See also standard-encodings and bytes decode
and for anyone looking at the SNMP Set Types
Upvotes: 0
Reputation: 362707
Your first method is broken, because any bytes that can be represented as printable ASCII will be, for example:
>>> str(b'\x00\x20\x41\x42\x43\x20\x00')[2:-1]
'\\x00 ABC \\x00'
The second method is actually okay.
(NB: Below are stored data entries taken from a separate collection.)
(* If two proper metric spaces $(X,d_X)$ and $(Y,d_Y)$ are coarsely equivalent, then their coarse Freudenthal coronas $CF(X)\setminus X$ and $CF(Y)\setminus Y$ are homeomorphic.
   Context: A map $f:X\to Y$ between metric spaces is coarse if $f^{-1}(K)$ is bounded for every bounded $K\subset Y$, and large scale continuous if for each $m\ge0$ there is $M>0$ with $d_X(x,y)<m\Rightarrow d_Y(f(x),f(y))<M$. Maps $f,g:X\to Y$ are close if $\sup_x d_Y(f(x),g(x))<\infty$. $X$ and $Y$ are coarsely equivalent if there are coarse, large scale continuous maps $f:X\to Y$, $g:Y\to X$ with $g\circ f$ close to $\mathrm{id}_X$ and $f\circ g$ close to $\mathrm{id}_Y$ (the maps need not be continuous). A glacial scale on $X$ is a sequence $\mathcal S=\{(K_i,n_i)\}_{i\ge1}$, $K_i$ bounded subsets, $n_i$ natural numbers, such that for every bounded $K$ and $r>0$ there is $i$ with $K\subset K_i$, $n_i>r$; an $\mathcal S$-chain is a finite sequence $x_1,\dots,x_n$ with, for each $i\le n-1$, some $m$ such that $x_i,x_{i+1}\notin K_m$ and $d(x_i,x_{i+1})\le n_m$; $f:X\to\mathbb R$ is glacially oscillating if for every $\epsilon>0$ there is a glacial scale $\mathcal S$ with $|f(x_1)-f(x_n)|<\epsilon$ for all $\mathcal S$-chains. The coarse Freudenthal compactification $CF(X)$ of a proper metric space $X$ is the compactification induced by all continuous glacially oscillating functions $X\to[0,1]$ (each such function extends continuously over $CF(X)$, and restrictions to $X$ of continuous functions on $CF(X)$ are glacially oscillating). *)

From HB Require Import structures.
From mathcomp Require Import all_boot all_order all_algebra.
From mathcomp Require Import all_classical all_reals all_analysis.
Set Implicit Arguments. Unset Strict Implicit. Unset Printing Implicit Defensive.
Import Order.TTheory GRing.Theory Num.Theory.
Import numFieldTopology.Exports numFieldNormedType.Exports.
Local Open Scope classical_set_scope.
Local Open Scope ring_scope.

Section coarse.
Variable R : realType.

Definition mbounded (X : metricType R) (K : set X) : Prop :=
  exists r : R, forall x y, K x -> K y -> mdist x y <= r.

Definition proper_metric (X : metricType R) : Prop :=
  forall (x : X) (r : R), compact [set y | mdist x y <= r].

Definition coarse_map (X Y : metricType R) (f : X -> Y) : Prop :=
  forall K : set Y, mbounded K -> mbounded (f @^-1` K).

Definition ls_continuous (X Y : metricType R) (f : X -> Y) : Prop :=
  forall m : R, 0 <= m -> exists2 M : R, 0 < M &
    forall x y : X, mdist x y < m -> mdist (f x) (f y) < M.

Definition close_maps (X Y : metricType R) (f g : X -> Y) : Prop :=
  exists C : R, forall x, mdist (f x) (g x) <= C.

Definition coarsely_equivalent (X Y : metricType R) : Prop :=
  exists (f : X -> Y) (g : Y -> X),
    [/\ coarse_map f, ls_continuous f, coarse_map g & ls_continuous g] /\
    close_maps (g \o f) idfun /\ close_maps (f \o g) idfun.

(* A glacial scale: a sequence (K_i, n_i)_{i >= 1} (indexed here from 0). *)
Definition glacial_scale (X : metricType R) (K : nat -> set X) (n : nat -> nat)
  : Prop :=
  (forall i, mbounded (K i)) /\
  forall (B : set X) (r : R), mbounded B -> 0 < r ->
    exists i, B `<=` K i /\ r < (n i)%:R.

Definition scale_step (X : metricType R) (K : nat -> set X) (n : nat -> nat)
  (x y : X) : Prop :=
  exists m, ~ K m x /\ ~ K m y /\ mdist x y <= (n m)%:R.

(* The sequence x :: s is an S-chain. *)
Fixpoint scale_chain (X : metricType R) (K : nat -> set X) (n : nat -> nat)
  (x : X) (s : seq X) : Prop :=
  match s with
  | [::] => True
  | y :: s' => scale_step K n x y /\ scale_chain K n y s'
  end.

Definition glacially_oscillating (X : metricType R) (f : X -> R) : Prop :=
  forall eps : R, 0 < eps -> exists (K : nat -> set X) (n : nat -> nat),
    glacial_scale K n /\
    forall (x : X) (s : seq X), scale_chain K n x s ->
      `|f x - f (last x s)| < eps.

Definition cgo_fun (X : metricType R) (f : X -> R) : Prop :=
  continuous f /\ (forall x, 0 <= f x <= 1) /\ glacially_oscillating f.

Definition CGO (X : metricType R) := {f : X -> R | cgo_fun f}.

Definition cf_embed (X : metricType R) (x : X) : {ptws CGO X -> R} :=
  fun f => proj1_sig f x.

Definition CF (X : metricType R) : set {ptws CGO X -> R} :=
  closure (range (@cf_embed X)).

Definition CF_corona (X : metricType R) : set {ptws CGO X -> R} :=
  @CF X `\` range (@cf_embed X).

End coarse.
Arguments CF {R} X.
Arguments CF_corona {R} X.

Definition homeomorphic_sets (T U : topologicalType) (A : set T) (B : set U)
  : Prop :=
  exists (f : T -> U) (g : U -> T),
    [/\ f @` A `<=` B, g @` B `<=` A,
        {in A, cancel f g} & {in B, cancel g f}] /\
    {within A, continuous f} /\ {within B, continuous g}.

From HB Require Import structures.
From mathcomp Require Import all_boot all_order all_algebra.
From mathcomp Require Import all_classical all_reals all_analysis.
From mathcomp Require Import lra.
Import numFieldTopology.Exports numFieldNormedType.Exports.
Import Order.TTheory GRing.Theory Num.Theory.
Local Open Scope classical_set_scope.
Local Open Scope ring_scope.
Set Implicit Arguments. Unset Strict Implicit.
Since this feature appears to be missing from stdlib I've published all-escapes which provides it.
pip install all-escapes
Example usage:
>>> b"\xb7\x00\x00\x00".decode("all-escapes")
'\\xb7\\x00\\x00\\x00'
Upvotes: 2
Reputation: 700
basic of conversion byte / str is this :
>>> b"abc".decode()
'abc'
>>>
or :
>>> sb = b"abc"
>>> s = sb.decode()
>>> s
'abc'
>>>
The inverse is :
>>> "abc".encode()
b'abc'
>>>
or :
>>> s="abc"
>>> sb=s.encode()
>>> sb
b'abc'
>>>
And in your case, you should use errors argument :
>>> b"\xb7".decode(errors="replace")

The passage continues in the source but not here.